Vegan Stuffed Cheesy Bell Peppers

Ingredients

  • 4 bell peppers
  • 2 cups cooked rice of choice
  • 1 cup textured soy protein or chickpeas
  • 1/2 cup light coconut milk
  • 1/2 cup chopped bell peppers (any color)
  • 4 tbsp crushed tomatoes
  • 1 medium-sized onion, chopped
  • 2 cloves garlic, minced
  • 2 tbsp Braggs aminos
  • 1 tbsp oil (e.g. sesame oil or coconut oil)
  • 1 tbsp peanut butter
  • 1/2 tbsp curry powder
  • 1/4 tsp smoked paprika
  • salt and pepper to taste
  • vegan cheese sauce (or your favorite vegan cheese) to taste
  • chopped chives to taste

Preparation

  1. Cook your favorite rice according to packaging instructions.

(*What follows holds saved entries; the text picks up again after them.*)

(* Let $G$ be a finite group with an abelian Sylow $p$-subgroup $P$. Then \[ \chi(\mathcal F^*_G)=\frac{|\{\varphi\in\mathcal F_G(P): C_P(\varphi)>1\}|}{|\mathcal F_G(P)|}. \]
   Context: $\mathcal F_G(P)=N_G(P)/C_G(P)$, viewed as the group of automorphisms of $P$ induced by conjugation by elements of $N_G(P)$; $C_P(\varphi)$ is the subgroup of elements of $P$ fixed by $\varphi$. $\mathcal F^*_G$ is the category whose objects are the nonidentity $p$-subgroups of $G$, with $\mathcal F^*_G(H,K)=C_G(H)\backslash N_G(H,K)$, $N_G(H,K)=\{g\in G:g^{-1}Hg\le K\}$, composition induced by multiplication. $\chi$ is Leinster's Euler characteristic: for a finite category $\mathcal C$, a weighting is $k^\bullet$ with $\sum_b|\mathcal C(a,b)|k^b=1$ for all $a$, a coweighting is $k_\bullet$ with $\sum_ak_a|\mathcal C(a,b)|=1$ for all $b$, and if both exist $\chi(\mathcal C)=\sum_bk^b=\sum_ak_a$. *)

From mathcomp Require Import all_boot all_order all_algebra all_fingroup all_solvable.
Set Implicit Arguments.
Unset Strict Implicit.
Unset Printing Implicit Defensive.
Import GRing.Theory.
Local Open Scope group_scope.

Section Defs.
Variable gT : finGroupType.

Definition Fstar_obj (p : nat) (G : {set gT}) : {set {group gT}} :=
  [set H : {group gT} | [&& H \subset G, p.-group H & H != 1 :> {set gT}]].

(* N_G(H,K) = { g in G | g^-1 H g <= K }  (H :^ g = g^-1 H g in MathComp) *)
Definition transporter (G H K : {set gT}) : {set gT} :=
  [set g in G | H :^ g \subset K].

(* F^*_G(H,K) = C_G(H) \ N_G(H,K), the set of right cosets C_G(H) g. *)
Definition Fstar_hom (G H K : {set gT}) : {set {set gT}} :=
  [set 'C_G(H) :* g | g in transporter G H K].

Definition is_weighting (p : nat) (G : {set gT}) (k : {group gT} -> rat) :=
  forall a, a \in Fstar_obj p G ->
    (\sum_(b in Fstar_obj p G) (#|Fstar_hom G a b|)%:R * k b = 1)%R.

Definition is_coweighting (p : nat) (G : {set gT}) (k : {group gT} -> rat) :=
  forall b, b \in Fstar_obj p G ->
    (\sum_(a in Fstar_obj p G) k a * (#|Fstar_hom G a b|)%:R = 1)%R.

(* chi(F^*_G) = x : a weighting and a coweighting exist, and the Euler
   characteristic (sum of the weights, independent of the choice by Leinster)
   equals x. *)
Definition Fstar_euler_char_is (p : nat) (G : {set gT}) (x : rat) : Prop :=
  (exists k, is_weighting p G k /\ (\sum_(b in Fstar_obj p G) k b)%R = x) /\
  (exists k, is_coweighting p G k /\ (\sum_(a in Fstar_obj p G) k a)%R = x).

(* F_G(P) : automorphisms of P induced by conjugation by elements of N_G(P),
   represented as functions gT -> gT (identity outside P). *)
Definition conj_on (P : {set gT}) (g : gT) : {ffun gT -> gT} :=
  [ffun x => if x \in P then x ^ g else x].

Definition FG (G P : {set gT}) : {set {ffun gT -> gT}} :=
  [set conj_on P g | g in 'N_G(P)].

Definition CP (P : {set gT}) (phi : {ffun gT -> gT}) : {set gT} :=
  [set x in P | phi x == x].

End Defs.

From mathcomp Require Import all_boot all_order all_algebra all_fingroup all_solvable.
From mathcomp Require Import zify ring.

(* A weighting k of F^*_G is obtained by solving the triangular system
   sum_(K >= H) k K = |C_G(H)| / |G|, since |F^*_G(H,K)| = |N_G(H,K)| / |C_G(H)|
   and N_G(H,K) collects the g in G with H^g <= K.  Dually, if nu is the
   coweighting of the poset of nonidentity p-subgroups (sum_(K <= H) nu K = 1),
   then nu H * |C_G(H)| / |G| is a coweighting, so chi(F^*_G) is the sum of these
   values.  Averaging over the conjugates of H lying in P, and using that for an
   abelian Sylow P and H <= P one has N_G(H,P) = C_G(H) N_G(P), the sum becomes
   |N_G(P)|^-1 sum_(n in N_G(P)) sum_(H <= C_P(n)) nu H, which counts the n with
   C_P(n) > 1; dividing out C_(N_G(P))(P) gives the ratio over F_G(P). *)
Set Implicit Arguments.
Unset Strict Implicit.
Unset Printing Implicit Defensive.
Import GRing.Theory Num.Theory.
Local Open Scope group_scope.

Section TriangularSystem.
Local Open Scope ring_scope.
Variables (T : finType) (V : zmodType) (R : rel T) (m : T -> nat) (c : T -> V).
Hypothesis R_decr : forall x y, R x y -> (m y < m x)%N.
(* Let $M$ be a matroid whose ground set $E$ is a nonempty finite subset of $\mathbb{N}$, and let $m = m(M) = \max E$. If $m$ is neither a loop nor a coloop of $M$, then \[ \mathcal{S}_{\mathsf{lex}}(M) \;=\; \mathcal{S}_{\mathsf{lex}}(M \backslash m)\;\cup\;\mathcal{S}_{\mathsf{lex}}(M/m)\;\cup\;\Big(m \ast \big(\mathcal{S}_{\mathsf{lex}}(M\backslash m)\cap \mathcal{S}_{\mathsf{lex}}(M/m)\big)\Big). \] If $m$ is a coloop, then $\mathcal{S}_{\mathsf{lex}}(M) = \mathcal{S}_{\mathsf{lex}}(M\backslash m)$, and if $m$ is a loop, then $\mathcal{S}_{\mathsf{lex}}(M) = \mathcal{S}_{\mathsf{lex}}(M/m)$.
   Context: For a matroid $M$ on a finite ground set $E \subset \mathbb{N}$ with set of bases $\mathcal{B}(M)$, its basis configuration is $V_M = \{\mathbf{e}_B : B \in \mathcal{B}(M)\}\subseteq\{0,1\}^E$, where $\mathbf{e}_B$ is the characteristic vector of $B$. Let $I(V_M)\subseteq \mathbb{R}[x_e : e\in E]$ be the vanishing ideal of $V_M$, and use the lexicographic term order with $x_e \succ x_f$ whenever $e<f$ (i.e. $\mathbf{x}^\alpha\succ\mathbf{x}^\beta$ iff at the smallest index where $\alpha$ and $\beta$ differ, $\alpha$ is larger). The lexicographic standard complex is $\mathcal{S}_{\mathsf{lex}}(M) = \{\tau\subseteq E : \mathbf{x}^\tau=\prod_{i\in\tau}x_i \notin \mathrm{in}(I(V_M))\}$, where $\mathrm{in}(I)$ is the initial ideal. (If $E=\emptyset$, $\mathcal{S}_{\mathsf{lex}}(M)=\{\emptyset\}$.) $M\backslash m$ and $M/m$ denote deletion and contraction of $m$ (matroids on $E\setminus\{m\}$). For a simplicial complex $K$ and a vertex $v$ not in $K$, the cone is $v\ast K = K\cup\{\sigma\cup\{v\}:\sigma\in K\}$. *)

From HB Require Import structures.
From mathcomp Require Import all_boot all_order all_algebra finmap.
From mathcomp Require Import mpoly.
From mathcomp Require Import reals.

Set Implicit Arguments.
Unset Strict Implicit.
Unset Printing Implicit Defensive.

Local Open Scope fset_scope.
Local Open Scope ring_scope.

Definition is_matroid (E : {fset nat}) (Bs : {fset {fset nat}}) : Prop :=
  [/\ Bs != fset0,
      (forall B, B \in Bs -> B `<=` E) &
      (forall B1 B2, B1 \in Bs -> B2 \in Bs ->
         forall x, x \in B1 `\` B2 ->
           exists2 y, y \in B2 `\` B1 & (B1 `\ x) `|` [fset y] \in Bs)].

Definition is_loop (Bs : {fset {fset nat}}) (e : nat) : bool :=
  all (fun B : {fset nat} => e \notin B) Bs.
Definition is_coloop (Bs : {fset {fset nat}}) (e : nat) : bool :=
  all (fun B : {fset nat} => e \in B) Bs.

Definition del_bases (Bs : {fset {fset nat}}) (e : nat) : {fset {fset nat}} :=
  if is_coloop Bs e then [fset B `\ e | B in Bs]
  else [fset B in Bs | e \notin B].

Definition con_bases (Bs : {fset {fset nat}}) (e : nat) : {fset {fset nat}} :=
  if is_loop Bs e then Bs
  else [fset B `\ e | B in [fset B in Bs | e \in B]].

(* The variables of {mpoly R[#|`E|]} are indexed by 'I_#|`E|; the
   variable number i is x_e where e is the i-th smallest element of E. *)
Definition elt_of (E : {fset nat}) (i : nat) : nat := nth 0%N (sort leq E) i.

Definition char_pt (R : realType) (E : {fset nat}) (B : {fset nat})
  : 'I_#|`E| -> R :=
  fun i => ((elt_of E i \in B) : nat)%:R.

Definition vanishing_ideal (R : realType) (E : {fset nat})
  (Bs : {fset {fset nat}}) (p : {mpoly R[#|`E|]}) : Prop :=
  forall B, B \in Bs -> p.@[@char_pt R E B] = 0.

(* Since smaller indices are
   smaller elements of E, this is lex with x_e > x_f whenever e < f. *)
Definition lex_lt (n : nat) (a b : 'X_{1..n}) : Prop :=
  exists i : 'I_n, (forall j : 'I_n, (j < i)%N -> a j = b j) /\ (a i < b i)%N.

Definition lead_mon (R : realType) (n : nat) (p : {mpoly R[n]})
  (m : 'X_{1..n}) : Prop :=
  m \in msupp p /\ (forall m', m' \in msupp p -> m' != m -> lex_lt m' m).

Definition in_initial_ideal (R : realType) (n : nat)
  (I : {mpoly R[n]} -> Prop) (p : {mpoly R[n]}) : Prop :=
  exists (k : nat) (g s : 'I_k -> {mpoly R[n]}),
    (forall i, exists f, I f /\ exists m, lead_mon f m /\ s i = f@_m *: 'X_[m])
    /\ p = \sum_(i < k) g i * s i.

Definition sqfree_mon (E : {fset nat}) (tau : {fset nat}) : 'X_{1..#|`E|} :=
  [multinom ((elt_of E i \in tau) : nat) | i < #|`E|].

Definition complex := {fset nat} -> Prop.

Definition cunion (K L : complex) : complex := fun t => K t \/ L t.
Definition cinter (K L : complex) : complex := fun t => K t /\ L t.
Definition ccone (v : nat) (K : complex) : complex :=
  fun t => K t \/ exists2 s, K s & t = s `|` [fset v].

Definition Slex (R : realType) (E : {fset nat}) (Bs : {fset {fset nat}})
  : complex :=
  fun tau => tau `<=` E /\
    ~ in_initial_ideal (@vanishing_ideal R E Bs) 'X_[sqfree_mon E tau].
(* In $\mathsf{HSLat}$, every sub-Heyting semilattice $X$ of a Heyting semilattice $A$ has a centraliser, namely $Z_A(X)=\{a\in A\mid (x\Rightarrow a)=a\text{ and }(a\Rightarrow x)=x\text{ for all }x\in X\}$; hence $\mathsf{HSLat}$ is algebraically cartesian closed. Moreover, if $X$ is a normal subobject of $A$, then $Z_A(X)$ is a normal subobject of $A$.
   Context: A Heyting semilattice is a meet-semilattice with top $1$ and an operation $\Rightarrow$ with $x\wedge y\le z$ iff $x\le y\Rightarrow z$; morphisms preserve $1,\wedge,\Rightarrow$. Subobjects $X,Y\le A$ Huq-commute if there is a morphism $\varphi\colon X\times Y\to A$ with $\varphi(x,1)=x$, $\varphi(1,y)=y$. The centraliser $Z_A(X)$ is the largest subobject of $A$ Huq-commuting with $X$. Normal subobjects of $A$ are kernels, which in $\mathsf{HSLat}$ are exactly the filters (non-empty, $\wedge$-closed, up-closed subsets). A semi-abelian category is algebraically cartesian closed iff centralisers of all subobjects exist. *)

Record HSLat := {
  hs_carrier :> Type;
  hs_top : hs_carrier;
  hs_meet : hs_carrier -> hs_carrier -> hs_carrier;
  hs_imp : hs_carrier -> hs_carrier -> hs_carrier;
  hs_meetA : forall x y z, hs_meet x (hs_meet y z) = hs_meet (hs_meet x y) z;
  hs_meetC : forall x y, hs_meet x y = hs_meet y x;
  hs_meetxx : forall x, hs_meet x x = x;
  hs_meet1 : forall x, hs_meet x hs_top = x;
  (* x /\ y <= z  iff  x <= (y => z), with a <= b :<-> a /\ b = a *)
  hs_residuation : forall x y z,
      hs_meet (hs_meet x y) z = hs_meet x y <-> hs_meet x (hs_imp y z) = x
}.

Arguments hs_top {h}.
Arguments hs_meet {h}.
Arguments hs_imp {h}.

Definition hs_le {A : HSLat} (a b : A) : Prop := hs_meet a b = a.

Definition is_subobject {A : HSLat} (X : A -> Prop) : Prop :=
  X hs_top /\
  (forall x y, X x -> X y -> X (hs_meet x y)) /\
  (forall x y, X x -> X y -> X (hs_imp x y)).

(* Huq-commutation: a morphism phi : X x Y -> A of Heyting semilattices
   (operations on X x Y componentwise; phi given as a function on A x A
   whose values outside X x Y are irrelevant) with phi(x,1)=x, phi(1,y)=y. *)
Definition huq_commute {A : HSLat} (X Y : A -> Prop) : Prop :=
  exists phi : A -> A -> A,
    phi hs_top hs_top = hs_top /\
    (forall x1 x2 y1 y2, X x1 -> X x2 -> Y y1 -> Y y2 ->
        phi (hs_meet x1 x2) (hs_meet y1 y2) = hs_meet (phi x1 y1) (phi x2 y2)) /\
    (forall x1 x2 y1 y2, X x1 -> X x2 -> Y y1 -> Y y2 ->
        phi (hs_imp x1 x2) (hs_imp y1 y2) = hs_imp (phi x1 y1) (phi x2 y2)) /\
    (forall x, X x -> phi x hs_top = x) /\
    (forall y, Y y -> phi hs_top y = y).

Definition centraliser_set {A : HSLat} (X : A -> Prop) : A -> Prop :=
  fun a => forall x, X x -> hs_imp x a = a /\ hs_imp a x = x.

Definition is_centraliser {A : HSLat} (X Z : A -> Prop) : Prop :=
  is_subobject Z /\ huq_commute X Z /\
  (forall Y, is_subobject Y -> huq_commute X Y -> forall a, Y a -> Z a).

(* normal subobjects = filters *)
Definition is_filter {A : HSLat} (F : A -> Prop) : Prop :=
  (exists a, F a) /\
  (forall x y, F x -> F y -> F (hs_meet x y)) /\
  (forall x y, F x -> hs_le x y -> F y).

(* An element a commutes with X iff the map (x, a) |-> x /\ a preserves implication,
   which unfolds to the two equations defining [centraliser_set X]: putting
   [x2 = y1 = 1] or [x1 = y2 = 1] in the implication law of any Huq-commutation
   witness yields exactly these equations, so the set is the largest candidate.
   That it is itself a sub-Heyting semilattice commuting with X via the meet is
   a computation with the Heyting identities [x => (y /\ z) = (x => y) /\ (x => z)]
   and [(x /\ y) => z = x => (y => z)]. For a filter X, the element
   [(x => b) => b] lies above [x], hence in X, which forces upward closure. *)

From Stdlib Require Import Setoid.

Section HeytingSemilattice.
Variable A : HSLat.
Local Notation "a <= b" := (@hs_le A a b).
Local Notation "a ∧ b" := (@hs_meet A a b) (at level 40, left associativity).
Local Notation "a ⇒ b" := (@hs_imp A a b) (at level 45, right associativity).
Local Notation "1" := (@hs_top A).

Lemma le_refl (a : A) : a <= a.
Proof. apply hs_meetxx. Qed.

Lemma le_antisym (a b : A) : a <= b -> b <= a -> a = b.
Proof.
  unfold hs_le; intros Hab Hba.
  rewrite <- Hab, hs_meetC. exact Hba.
Qed.

Lemma le_trans (a b c : A) : a <= b -> b <= c -> a <= c.
Proof. unfold hs_le; intros Hab Hbc. rewrite <- Hab, <- hs_meetA, Hbc. reflexivity. Qed.

Lemma meet_lb1 (a b : A) : a ∧ b <= a.
Proof. unfold hs_le. rewrite (hs_meetC _ a b), <- hs_meetA, hs_meetxx. reflexivity. Qed.

Lemma meet_lb2 (a b : A) : a ∧ b <= b.
Proof. unfold hs_le. rewrite <- hs_meetA, hs_meetxx. reflexivity. Qed.

Lemma meet_glb (a b c : A) : c <= a -> c <= b -> c <= a ∧ b.
Proof. unfold hs_le; intros Hca Hcb. rewrite hs_meetA, Hca, Hcb. reflexivity. Qed.

Lemma le_top (a : A) : a <= 1.
Proof. apply hs_meet1. Qed.

Lemma le_imp (c x y : A) : c ∧ x <= y <-> c <= x ⇒ y.
Proof. apply hs_residuation. Qed.

Lemma le_ext (a b : A) : (forall c, c <= a <-> c <= b) -> a = b.
Proof. intro H. apply le_antisym; apply H, le_refl. Qed.

Lemma top_le_eq (a : A) : 1 <= a -> a = 1.
Proof. intro H. apply le_antisym; [apply le_top | exact H]. Qed.

Lemma le_imp_r (x y : A) : y <= x ⇒ y.
Proof. apply le_imp, meet_lb1. Qed.

Lemma modus_ponens (x y : A) : x ∧ (x ⇒ y) <= y.
Proof. rewrite hs_meetC. apply le_imp, le_refl. Qed.

Lemma imp_eq_top (x y : A) : x <= y -> x ⇒ y = 1.
Proof. intro H. apply top_le_eq, le_imp. eapply le_trans; [apply meet_lb2 | exact H]. Qed.

Lemma imp_top_eq (x y : A) : x ⇒ y = 1 -> x <= y.
Proof.
  intro H. assert (Htop : 1 <= x ⇒ y) by (rewrite H; apply le_refl).
  apply le_imp in Htop. rewrite hs_meetC, hs_meet1 in Htop. exact Htop.
Qed.

Lemma imp1 (x : A) : x ⇒ 1 = 1.
Proof. apply imp_eq_top, le_top. Qed.

Lemma top_imp (x : A) : 1 ⇒ x = x.
Proof. apply le_ext; intro c. rewrite <- le_imp. unfold hs_le. rewrite hs_meet1. tauto. Qed.

Lemma imp_meetr (x y z : A) : x ⇒ (y ∧ z) = (x ⇒ y) ∧ (x ⇒ z).
Proof.
  apply le_ext; intro c. rewrite <- le_imp.
  split; intro H.
  - apply meet_glb; apply le_imp; (eapply le_trans; [exact H |]);
      [apply meet_lb1 | apply meet_lb2].
  - apply meet_glb; apply le_imp; (eapply le_trans; [exact H |]);
      [apply meet_lb1 | apply meet_lb2].
Qed.

Lemma imp_meetl (x y z : A) : (x ∧ y) ⇒ z = x ⇒ (y ⇒ z).
Proof. apply le_ext; intro c. rewrite <- !le_imp, hs_meetA. tauto. Qed.

Lemma imp_swap (x y z : A) : x ⇒ (y ⇒ z) = y ⇒ (x ⇒ z).
Proof. rewrite <- !imp_meetl, hs_meetC. reflexivity. Qed.

Lemma meet_le_compat (a b c : A) : a <= b -> c ∧ a <= c ∧ b.
Proof.
  intro H. apply meet_glb; [apply meet_lb1 |].
  eapply le_trans; [apply meet_lb2 | exact H].
Qed.

Lemma imp_le_antitone (a b x : A) : a <= b -> b ⇒ x <= a ⇒ x.
Proof.
  intro H. apply le_imp. eapply le_trans; [apply meet_le_compat, H |].
  apply le_imp, le_refl.
Qed.

End HeytingSemilattice.

Section Centraliser.
Variables (A : HSLat) (X : A -> Prop).
Local Notation Z := (centraliser_set X).

Lemma centraliser_top : Z hs_top.
Proof. intros x _. split; [apply imp1 | apply top_imp]. Qed.

Lemma centraliser_meet a b : Z a -> Z b -> Z (hs_meet a b).
Proof.
  intros Ha Hb x Hx.
  destruct (Ha x Hx) as [Hxa Hax], (Hb x Hx) as [Hxb Hbx].
  split; [rewrite imp_meetr, Hxa, Hxb | rewrite imp_meetl, Hbx, Hax]; reflexivity.
Qed.

Lemma centraliser_imp a b : Z b -> Z (hs_imp a b).
Proof.
  intros Hb x Hx. destruct (Hb x Hx) as [Hxb Hbx]. split.
  - rewrite imp_swap, Hxb. reflexivity.
  - apply le_antisym; [| apply le_imp_r].
    rewrite <- Hbx at 2. apply imp_le_antitone, le_imp_r.
Qed.

Lemma centraliser_subobject : is_subobject Z.
Proof.
  split; [apply centraliser_top |].
  split; [apply centraliser_meet |].
  intros a b _ Hb. apply centraliser_imp, Hb.
Qed.

Lemma huq_commute_centraliser :
  (forall x y, X x -> X y -> X (hs_imp x y)) -> huq_commute X Z.
Proof.
  intro Ximp. exists hs_meet. repeat split.
  - apply hs_meetxx.
  - intros x1 x2 a1 a2 _ _ _ _.
    rewrite !hs_meetA. f_equal. rewrite <- !hs_meetA. f_equal. apply hs_meetC.
  - intros x1 x2 a1 a2 Hx1 Hx2 Ha1 Ha2.
    rewrite imp_meetr, !imp_meetl.
    rewrite (proj1 (centraliser_imp a1 a2 Ha2 x1 Hx1)).
    rewrite imp_swap, (proj2 (Ha1 _ (Ximp x1 x2 Hx1 Hx2))). reflexivity.
  - intros x _. apply hs_meet1.
  - intros a _. rewrite hs_meetC. apply hs_meet1.
Qed.

Lemma huq_commute_sub_centraliser (Y : A -> Prop) :
  X hs_top -> Y hs_top -> huq_commute X Y -> forall a, Y a -> Z a.
Proof.
  intros X1 Y1 [phi [_ [_ [phi_imp [phi_x phi_y]]]]] a Ya x Hx. split.
  - pose proof (phi_imp x hs_top hs_top a Hx X1 Y1 Ya) as E.
    rewrite imp1, top_imp, phi_x, phi_y in E by assumption. congruence.
  - pose proof (phi_imp hs_top x a hs_top X1 Hx Ya Y1) as E.
    rewrite imp1, top_imp, phi_x, phi_y in E by assumption. congruence.
Qed.

Lemma centraliser_up_closed :
  (forall x y, X x -> hs_le x y -> X y) ->
  forall a b, Z a -> hs_le a b -> Z b.
Proof.
  intros Xup a b Ha Hab x Hx. split.
  - set (x' := hs_imp (hs_imp x b) b).
    assert (Hx' : X x') by (apply (Xup x); [exact Hx | apply le_imp, modus_ponens]).
    assert (x'_top : x' = hs_top).
    { rewrite <- (proj2 (Ha x' Hx')).
      apply imp_eq_top. eapply le_trans; [exact Hab | apply le_imp_r]. }
    apply le_antisym; [apply imp_top_eq, x'_top | apply le_imp_r].
  - apply le_antisym; [| apply le_imp_r].
    rewrite <- (proj2 (Ha x Hx)) at 2. apply imp_le_antitone, Hab.
Qed.

End Centraliser.

Theorem mainTheorem18 (A : HSLat) (X : A -> Prop) :
  is_subobject X ->
  is_centraliser X (centraliser_set X) /\
  (is_filter X -> is_filter (centraliser_set X)).
Proof.
  intros [X1 [_ Ximp]]. split.
  - split; [apply centraliser_subobject |].
    split; [apply huq_commute_centraliser, Ximp |].
    intros Y [Y1 _]. apply huq_commute_sub_centraliser; assumption.
  - intros [_ [_ Xup]].
    split; [exists hs_top; apply centraliser_top |].
    split; [apply centraliser_meet | apply centraliser_up_closed, Xup].
Qed.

You will need 2 cups of cooked rice for this recipe.

  2. Soak 1 cup of textured soy protein (TVP) in a bowl with 1 cup of hot water or vegetable broth and set aside for 5-10 minutes. Skip this step if using chickpeas. The TVP will fluff and absorb the liquid.

  3. With a knife, carefully remove the tops of the 4 bell peppers and discard the seeds.

  4. Heat oil in a skillet, add chopped onion, minced garlic, and textured soy protein, and fry for 4-5 minutes over medium heat.

  5. Add chopped bell peppers, crushed tomatoes, Braggs aminos, peanut butter, curry powder, smoked paprika, salt, pepper, and coconut milk to the skillet and simmer for about 5 minutes on low-medium heat. Stir occasionally.

  6. Add the cooked rice and check if the mixture needs more salt, pepper, or spices.

  7. Fill the peppers with the rice and veggie mixture, add vegan cheese to taste or make an easy vegan cheese sauce, and bake in the oven at 190 degrees C (375 degrees F) for 30-45 minutes. You may have leftovers of the mixture.

  8. Enjoy your stuffed vegan peppers.